Each line in the entries below that holds the word "Section" belongs in the answer.

====

(* Let $\mu>0$ and let $X$ have the skew-symmetric-Laplace-uniform density with parameter $\mu$ (defined in the context). For $a\in\mathbb{R}$, the mean deviation $\eta_a=E|X-a|$ is $$\eta_a=\begin{cases} -\left(1+\frac{2}{\mu}\right)e^{-\mu}+\left(\frac{2}{\mu}-a\right) & a<-\mu,\\[2pt] \frac{a}{\mu}e^{-\mu}+\left(\frac{a}{\mu}-\frac{2}{\mu}+1\right)e^{a}+\left(\frac{2}{\mu}-a\right) & -\mu\le a<0,\\[2pt] \frac{a}{\mu}e^{-\mu}+\left(\frac{a}{\mu}+\frac{2}{\mu}+1\right)e^{-a}+\left(a-\frac{2}{\mu}\right) & 0\le a<\mu,\\[2pt] \left(1+\frac{2}{\mu}\right)e^{-\mu}+2e^{-a}+\left(a-\frac{2}{\mu}\right) & a\ge\mu.\end{cases}$$
   Context: For $\mu\in\mathbb{R}\setminus\{0\}$, the skew-symmetric-Laplace-uniform distribution $SSLUD(\mu)$ is the distribution on $\mathbb{R}$ with density $$g(x)=\begin{cases} 0 & \text{if } x/\mu<-1,\\ e^{-|x|}\left(\dfrac{x}{2\mu}+\dfrac12\right) & \text{if } -1\le x/\mu<1,\\ e^{-|x|} & \text{if } x/\mu\ge 1.\end{cases}$$ *)

From HB Require Import structures.
From mathcomp Require Import all_boot all_order all_algebra.
From mathcomp Require Import all_classical all_reals all_analysis.
Set Implicit Arguments. Unset Strict Implicit. Unset Printing Implicit Defensive.
Import Order.TTheory GRing.Theory Num.Theory.
Local Open Scope ring_scope.

Definition sslud_pdf (R : realType) (mu x : R) : R :=
  if x / mu < -1 then 0
  else if x / mu < 1 then expR (- `|x|) * (x / (2 * mu) + 1 / 2)
  else expR (- `|x|).

Definition sslud_mean_dev (R : realType) (mu a : R) : \bar R :=
  (\int[@lebesgue_measure R]_(x in [set: R]) (`|x - a| * sslud_pdf mu x)%:E)%E.

From HB Require Import structures.
From mathcomp Require Import all_boot all_order all_algebra.
From mathcomp Require Import all_classical all_reals all_analysis.
From mathcomp Require Import ring lra measurable_realfun.
Import Order.TTheory GRing.Theory Num.Theory.
Import numFieldNormedType.Exports.
Local Open Scope ring_scope.
Local Open Scope classical_set_scope.

(* The density is e^(-|x|) F(x), where F is the distribution function of the
   uniform law on [-mu, mu]. Hence |x - a| g(x) vanishes left of -mu, and on
   each interval cut out of [-mu, +oo[ by 0, mu and a it equals e^(+-x) times
   a polynomial of degree at most 2, which has the explicit primitive e^(+-x)
   times another such polynomial; the unbounded piece is e^(-x) (x - a).
   Summing the increments of these primitives gives the four formulas. *)

Section expR_quadratic_integrals.
Context {R : realType}.
Local Notation leb := (@lebesgue_measure R).

Lemma is_derive_continuous (f : R -> R) (x df : R) :
  is_derive x 1 f df -> {for x, continuous f}.
Proof.
by case=> fx _; apply/differentiable_continuous/derivable1_diffP.
Qed.

Lemma integral_itv_cc_primitive (F f : R -> R) (p r : R) :
  (forall x : R, is_derive x 1 F (f x)) -> continuous f -> p <= r ->
  (\int[leb]_(x in `[p, r]) (f x)%:E = (F r - F p)%:E)%E.
Proof.
move=> dF cf; rewrite le_eqVlt => /predU1P[<-|pr].
  by rewrite set_itv1 integral_set1 subrr.
rewrite EFinB; apply: continuous_FTC2 => //.
- exact: continuous_subspaceT.
- split; first by move=> x _; have [] := dF x.
  + apply/cvg_at_right_filter; exact: is_derive_continuous (dF p).
  + apply/cvg_at_left_filter; exact: is_derive_continuous (dF r).
- by move=> x _; rewrite derive1E; exact: (@derive_val _ _ _ _ _ _ _ (dF x)).
Qed.

Definition expR_quad_prim (al be ga x : R) :=
  expR x * (al * x ^+ 2 + (be - 2 * al) * x + (ga - be + 2 * al)).

Definition expRN_quad_prim (al be ga x : R) :=
  - (expR (- x) * (al * x ^+ 2 + (be + 2 * al) * x + (ga + be + 2 * al))).

Lemma is_derive_expR_quad_prim (al be ga x : R) :
  is_derive x 1 (expR_quad_prim al be ga) (expR x * (al * x ^+ 2 + be * x + ga)).
Proof. by apply: is_derive_eq; rewrite /GRing.scale /=; ring. Qed.

Lemma is_derive_expRN_quad_prim (al be ga x : R) :
  is_derive x 1 (expRN_quad_prim al be ga)
    (expR (- x) * (al * x ^+ 2 + be * x + ga)).
Proof. by apply: is_derive_eq; rewrite /GRing.scale /=; ring. Qed.

Lemma integral_expR_quad (al be ga p r : R) : p <= r ->
  (\int[leb]_(x in `[p, r]) (expR x * (al * x ^+ 2 + be * x + ga))%:E =
   (expR_quad_prim al be ga r - expR_quad_prim al be ga p)%:E)%E.
Proof.
apply: integral_itv_cc_primitive => [x|x].
  exact: is_derive_expR_quad_prim.
exact: is_derive_continuous.
Qed.

Lemma integral_expRN_quad (al be ga p r : R) : p <= r ->
  (\int[leb]_(x in `[p, r]) (expR (- x) * (al * x ^+ 2 + be * x + ga))%:E =
   (expRN_quad_prim al be ga r - expRN_quad_prim al be ga p)%:E)%E.
Proof.
apply: integral_itv_cc_primitive => [x|x].
  exact: is_derive_expRN_quad_prim.
exact: is_derive_continuous.
Qed.

Lemma cvgr_mul_expRN : x * expR (- x) @[x --> +oo] --> (0 : R).
Proof.
apply/cvgrPdist_le => e e_gt0; near=> x.
have x_gt0 : 0 < x by near: x; apply: nbhs_pinfty_gt; rewrite num_real.
have ex_ge2 : 2 <= e * x.
  by rewrite -ler_pdivrMl//; near: x; apply: nbhs_pinfty_ge; rewrite num_real.
rewrite sub0r normrN ger0_norm ?mulr_ge0 ?expR_ge0 ?(ltW x_gt0)// expRN.
rewrite ler_pdivrMr ?expR_gt0//.
(* [1 + x^2/2 <= e^x] and [2 <= e x] give [x <= e e^x] *)
have : 1 + x ^+ 2 / 2 <= expR x.
  by have := expR_ge1Dxn 1 (ltW x_gt0); rewrite factS /= expr2.
move: (expR x) (expR_gt0 x) => E E_gt0; nra.
Unshelve. all: by end_near. Qed.

Lemma integral_expRN_lin_tail (a p : R) : a <= p ->
  (\int[leb]_(x in `[p, +oo[) (expR (- x) * (x - a))%:E =
   (expR (- p) * (p - a + 1))%:E)%E.
Proof.
move=> ap; set F := expRN_quad_prim 0 1 (- a).
have dF (x : R) : is_derive x 1 F (expR (- x) * (x - a)).
  by apply: is_derive_eq; rewrite /GRing.scale /=; ring.
rewrite (@ge0_continuous_FTC2y _ _ F _ 0).
- by rewrite /F /expRN_quad_prim; congr EFin; ring.
- by move=> x px; rewrite mulr_ge0 ?expR_ge0// subr_ge0 (le_trans ap).
- by apply/continuous_subspaceT => x; apply: is_derive_continuous.
- have -> : F = fun x => - (x * expR (- x)) + (a - 1) * expR (- x).
    by apply/funext => x; rewrite /F /expRN_quad_prim; ring.
  rewrite (_ : 0 = - 0 + (a - 1) * 0); last by rewrite oppr0 mulr0 addr0.
  apply: cvgD; first exact: cvgN cvgr_mul_expRN.
  by apply: cvgM; [exact: cvg_cst | exact: cvgr_expR].
- by move=> x _; have [] := dF x.
- apply/cvg_at_right_filter; exact: is_derive_continuous (dF p).
- by move=> x _; rewrite derive1E; exact: (@derive_val _ _ _ _ _ _ _ (dF x)).
Qed.

Lemma ge0_integral_itv_split (f : R -> R) (p q : R) (b : itv_bound R) :
  measurable_fun [set: R] f -> (forall x, 0 <= f x) ->
  p <= q -> (BRight q <= b)%O ->
  (\int[leb]_(x in [set` Interval (BLeft p) b]) (f x)%:E =
   \int[leb]_(x in `[p, q]) (f x)%:E +
   \int[leb]_(x in [set` Interval (BLeft q) b]) (f x)%:E)%E.
Proof.
move=> /measurable_EFinP mf f_ge0 pq qb.
rewrite (@itv_bndbnd_setU _ _ _ (BRight q)) ?bnd_simp//.
rewrite ge0_integral_setU//=.
- by rewrite integral_itv_obnd_cbnd//; exact: measurable_funS mf.
- exact: measurable_funS mf.
- by move=> x _; rewrite lee_fin.
- apply/disj_setPS => x [/=]; rewrite !in_itv/= => /andP[_ xq] /andP[qx _].
  by rewrite ltNge xq in qx.
Qed.

End expR_quadratic_integrals.

Section sslud_mean_deviation.
Variables (R : realType) (mu a : R).
Hypothesis mu_gt0 : 0 < mu.
Local Notation leb := (@lebesgue_measure R).

Let mu_neq0 : mu != 0. Proof. by rewrite gt_eqF. Qed.

Let unif_cdf (x : R) := Num.min (Num.max ((x / mu + 1) / 2) 0) 1.

Lemma sslud_pdfE x : sslud_pdf mu x = expR (- `|x|) * unif_cdf x.
Proof.
rewrite /sslud_pdf /unif_cdf.
case: ifPn => [|]; rewrite -?leNgt => hlo.
  by rewrite max_r ?min_l ?mulr0 //; lra.
case: ifPn => [|]; rewrite -?leNgt => hhi.
  by rewrite max_l ?min_l; [congr (_ * _); field | lra | lra].
by rewrite max_l ?min_r ?mulr1; lra.
Qed.

Lemma unif_cdf_lo x : x <= - mu -> unif_cdf x = 0.
Proof.
move=> x_le; have xmu_le : x / mu <= -1 by rewrite ler_pdivrMr//; lra.
by rewrite /unif_cdf max_r ?min_l//; lra.
Qed.

Lemma unif_cdf_mid x : - mu <= x -> x <= mu -> unif_cdf x = x / (2 * mu) + 1 / 2.
Proof.
move=> x_ge x_le; have xmu_ge : -1 <= x / mu by rewrite ler_pdivlMr//; lra.
have xmu_le : x / mu <= 1 by rewrite ler_pdivrMr//; lra.
by rewrite /unif_cdf max_l ?min_l; [field | lra | lra].
Qed.

Lemma unif_cdf_hi x : mu <= x -> unif_cdf x = 1.
Proof.
move=> x_ge; have xmu_ge : 1 <= x / mu by rewrite ler_pdivlMr//; lra.
by rewrite /unif_cdf max_l ?min_r//; lra.
Qed.

Lemma continuous_sslud_pdf : continuous (sslud_pdf mu).
Proof.
have -> : sslud_pdf mu = fun x => expR (- `|x|) * unif_cdf x.
  by apply/funext => x; rewrite sslud_pdfE.
move=> x; apply: cvgM.
  apply: (@cvg_comp _ _ _ (fun x => - `|x|) expR); last exact: continuous_expR.
  by apply: cvgN; apply: cvg_norm; exact: cvg_id.
have -> : unif_cdf = ((fun x => (x / mu + 1) / 2) \max cst 0) \min cst 1 by [].
apply: continuous_min; last exact: cvg_cst.
apply: continuous_max; last exact: cvg_cst.
exact: is_derive_continuous.
Qed.

Lemma sslud_pdf_ge0 x : 0 <= sslud_pdf mu x.
Proof.
by rewrite sslud_pdfE mulr_ge0 ?expR_ge0// le_min ler01 le_max lexx orbT.
Qed.

Let mdev x := `|x - a| * sslud_pdf mu x.

Let measurable_mdev : measurable_fun [set: R] mdev.
Proof.
apply: continuous_measurable_fun => x.
apply: cvgM; last exact: continuous_sslud_pdf.
by apply: cvg_norm; apply: cvgB; [exact: cvg_id | exact: cvg_cst].
Qed.

Let mdev_ge0 x : 0 <= mdev x.
Proof. by rewrite mulr_ge0 ?sslud_pdf_ge0. Qed.

Lemma sslud_mean_dev_itv :
  sslud_mean_dev mu a = (\int[leb]_(x in `[(- mu)%R, +oo[) (mdev x)%:E)%E.
Proof.
have /measurable_EFinP mdevE := measurable_mdev.
rewrite /sslud_mean_dev -(@itv_setU_setT _ _ true (- mu)) ge0_integral_setU//=.
- rewrite integral0_eq ?add0e// => x /=; rewrite in_itv/= => x_lt.
  by rewrite /mdev sslud_pdfE unif_cdf_lo ?mulr0 ?ltW.
- by rewrite (@itv_setU_setT _ _ true (- mu)).
- by move=> x _; rewrite lee_fin mdev_ge0.
- apply/disj_setPS => x [/=]; rewrite !in_itv/= => x_lt /andP[x_ge _].
  by rewrite ltNge x_ge in x_lt.
Qed.

Let integral_mdev_split p q : p <= q ->
  (\int[leb]_(x in `[p, +oo[) (mdev x)%:E =
   \int[leb]_(x in `[p, q]) (mdev x)%:E +
   \int[leb]_(x in `[q, +oo[) (mdev x)%:E)%E.
Proof. by move=> pq; apply: ge0_integral_itv_split. Qed.

Let Nmu_le0 : - mu <= 0. Proof. by rewrite oppr_le0 ltW. Qed.
Let mu_ge0 : 0 <= mu. Proof. exact: ltW. Qed.

Lemma norm_sub_itv_ge {p} r : a <= p ->
  {in `[p, r], forall x, `|x - a| = 1 * (x - a)}.
Proof.
move=> ap x; rewrite inE/= in_itv/= mul1r => /andP[px _].
by rewrite ger0_norm// subr_ge0 (le_trans ap).
Qed.

Lemma norm_sub_itv_le p {r} : r <= a ->
  {in `[p, r], forall x, `|x - a| = -1 * (x - a)}.
Proof.
move=> ra x; rewrite inE/= in_itv/= mulN1r => /andP[_ xr].
by rewrite ler0_norm// subr_le0 (le_trans xr).
Qed.

(* Primitives of e^(+-x) s (x - a) (x / (2 mu) + 1 / 2), the integrand on
   [-mu, 0] and on [0, mu] when |x - a| = s (x - a). *)
Let left_prim s :=
  expR_quad_prim (s / (2 * mu)) (s * (mu - a) / (2 * mu)) (- (s * a) / 2).
Let mid_prim s :=
  expRN_quad_prim (s / (2 * mu)) (s * (mu - a) / (2 * mu)) (- (s * a) / 2).

Lemma integral_mdev_left {p r s} :
  {in `[p, r], forall x, `|x - a| = s * (x - a)} ->
  - mu <= p -> p <= r -> r <= 0 ->
  (\int[leb]_(x in `[p, r]) (mdev x)%:E = (left_prim s r - left_prim s p)%:E)%E.
Proof.
move=> hs mup pr r0; rewrite -integral_expR_quad//; apply: eq_integral => x.
move=> xpr; rewrite /mdev (hs x xpr).
move: xpr; rewrite inE/= in_itv/= => /andP[px xr].
rewrite sslud_pdfE ler0_norm ?opprK ?unif_cdf_mid; [by congr EFin; field | lra..].
Qed.

Lemma integral_mdev_mid {p r s} :
  {in `[p, r], forall x, `|x - a| = s * (x - a)} ->
  0 <= p -> p <= r -> r <= mu ->
  (\int[leb]_(x in `[p, r]) (mdev x)%:E = (mid_prim s r - mid_prim s p)%:E)%E.
Proof.
move=> hs p0 pr rmu; rewrite -integral_expRN_quad//; apply: eq_integral => x.
move=> xpr; rewrite /mdev (hs x xpr).
move: xpr; rewrite inE/= in_itv/= => /andP[px xr].
rewrite sslud_pdfE ger0_norm ?unif_cdf_mid; [by congr EFin; field | lra..].
Qed.

Lemma integral_mdev_right p r : mu <= p -> p <= r -> r <= a ->
  (\int[leb]_(x in `[p, r]) (mdev x)%:E =
   (expRN_quad_prim 0 (-1) a r - expRN_quad_prim 0 (-1) a p)%:E)%E.
Proof.
move=> mup pr ra; rewrite -integral_expRN_quad//; apply: eq_integral => x.
move=> xpr; rewrite /mdev (norm_sub_itv_le _ ra x xpr).
move: xpr; rewrite inE/= in_itv/= => /andP[/(le_trans mup) mux _].
rewrite sslud_pdfE ger0_norm ?unif_cdf_hi ?(le_trans mu_ge0 mux)//.
by congr EFin; ring.
Qed.

Lemma integral_mdev_tail p : mu <= p -> a <= p ->
  (\int[leb]_(x in `[p, +oo[) (mdev x)%:E = (expR (- p) * (p - a + 1))%:E)%E.
Proof.
move=> mup ap; rewrite -integral_expRN_lin_tail//; apply: eq_integral => x.
rewrite inE/= in_itv/= andbT => px; have mux := le_trans mup px.
rewrite /mdev sslud_pdfE unif_cdf_hi// mulr1 (ger0_norm (le_trans mu_ge0 mux)).
by rewrite ger0_norm ?subr_ge0 ?(le_trans ap px)// mulrC.
Qed.

Lemma sslud_mean_dev_lt_Nmu : a < - mu ->
  sslud_mean_dev mu a = (- (1 + 2 / mu) * expR (- mu) + (2 / mu - a))%:E.
Proof.
move=> /ltW a_le; have a_le0 := le_trans a_le Nmu_le0.
rewrite sslud_mean_dev_itv (integral_mdev_split _ _ Nmu_le0).
rewrite (integral_mdev_split _ _ mu_ge0).
rewrite (integral_mdev_left (norm_sub_itv_ge 0 a_le)) ?lexx//.
rewrite (integral_mdev_mid (norm_sub_itv_ge mu a_le0)) ?lexx//.
rewrite integral_mdev_tail ?lexx ?(le_trans a_le0 mu_ge0)//.
rewrite -!EFinD /left_prim /mid_prim /expR_quad_prim /expRN_quad_prim oppr0 expR0.
by congr EFin; field.
Qed.

Lemma sslud_mean_dev_Nmu_0 : - mu <= a -> a < 0 ->
  sslud_mean_dev mu a =
  (a / mu * expR (- mu) + (a / mu - 2 / mu + 1) * expR a + (2 / mu - a))%:E.
Proof.
move=> Nmu_le_a /ltW a_le0.
rewrite sslud_mean_dev_itv (integral_mdev_split _ _ Nmu_le_a).
rewrite (integral_mdev_split _ _ a_le0) (integral_mdev_split _ _ mu_ge0).
rewrite (integral_mdev_left (norm_sub_itv_le (- mu) (lexx a))) ?lexx//.
rewrite (integral_mdev_left (norm_sub_itv_ge 0 (lexx a))) ?lexx//.
rewrite (integral_mdev_mid (norm_sub_itv_ge mu a_le0)) ?lexx//.
rewrite integral_mdev_tail ?lexx ?(le_trans a_le0 mu_ge0)//.
rewrite -!EFinD /left_prim /mid_prim /expR_quad_prim /expRN_quad_prim oppr0 expR0.
by congr EFin; field.
Qed.

Lemma sslud_mean_dev_0_mu : 0 <= a -> a < mu ->
  sslud_mean_dev mu a =
  (a / mu * expR (- mu) + (a / mu + 2 / mu + 1) * expR (- a) + (a - 2 / mu))%:E.
Proof.
move=> a_ge0 /ltW a_le_mu.
rewrite sslud_mean_dev_itv (integral_mdev_split _ _ Nmu_le0).
rewrite (integral_mdev_split _ _ a_ge0) (integral_mdev_split _ _ a_le_mu).
rewrite (integral_mdev_left (norm_sub_itv_le (- mu) a_ge0)) ?lexx//.
rewrite (integral_mdev_mid (norm_sub_itv_le 0 (lexx a))) ?lexx//.
rewrite (integral_mdev_mid (norm_sub_itv_ge mu (lexx a))) ?lexx//.
rewrite integral_mdev_tail ?lexx//.
rewrite -!EFinD /left_prim /mid_prim /expR_quad_prim /expRN_quad_prim oppr0 expR0.
by congr EFin; field.
Qed.

Lemma sslud_mean_dev_ge_mu : mu <= a ->
  sslud_mean_dev mu a =
  ((1 + 2 / mu) * expR (- mu) + 2 * expR (- a) + (a - 2 / mu))%:E.
Proof.
move=> mu_le_a; have a_ge0 := le_trans mu_ge0 mu_le_a.
rewrite sslud_mean_dev_itv (integral_mdev_split _ _ Nmu_le0).
rewrite (integral_mdev_split _ _ mu_ge0) (integral_mdev_split _ _ mu_le_a).
rewrite (integral_mdev_left (norm_sub_itv_le (- mu) a_ge0)) ?lexx//.
rewrite (integral_mdev_mid (norm_sub_itv_le 0 mu_le_a)) ?lexx//.
rewrite integral_mdev_right ?lexx// integral_mdev_tail ?lexx//.
rewrite -!EFinD /left_prim /mid_prim /expR_quad_prim /expRN_quad_prim oppr0 expR0.
by congr EFin; field.
Qed.

End sslud_mean_deviation.

Theorem mainTheorem7 (R : realType) (mu a : R) (hmu : 0 < mu) :
  sslud_mean_dev mu a =
  (if a < - mu then
     - (1 + 2 / mu) * expR (- mu) + (2 / mu - a)
   else if a < 0 then
     a / mu * expR (- mu) + (a / mu - 2 / mu + 1) * expR a + (2 / mu - a)
   else if a < mu then
     a / mu * expR (- mu) + (a / mu + 2 / mu + 1) * expR (- a) + (a - 2 / mu)
   else
     (1 + 2 / mu) * expR (- mu) + 2 * expR (- a) + (a - 2 / mu))%:E.
Proof.
have [a_lt|Nmu_le_a] := ltP a (- mu); first exact: sslud_mean_dev_lt_Nmu.
have [a_lt0|a_ge0] := ltP a 0; first exact: sslud_mean_dev_Nmu_0.
have [a_lt_mu|mu_le_a] := ltP a mu; first exact: sslud_mean_dev_0_mu.
exact: sslud_mean_dev_ge_mu.
Qed.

====

#### ANSWER TO THIS TASK:
Section expR_quadratic_integrals.
Section sslud_mean_deviation.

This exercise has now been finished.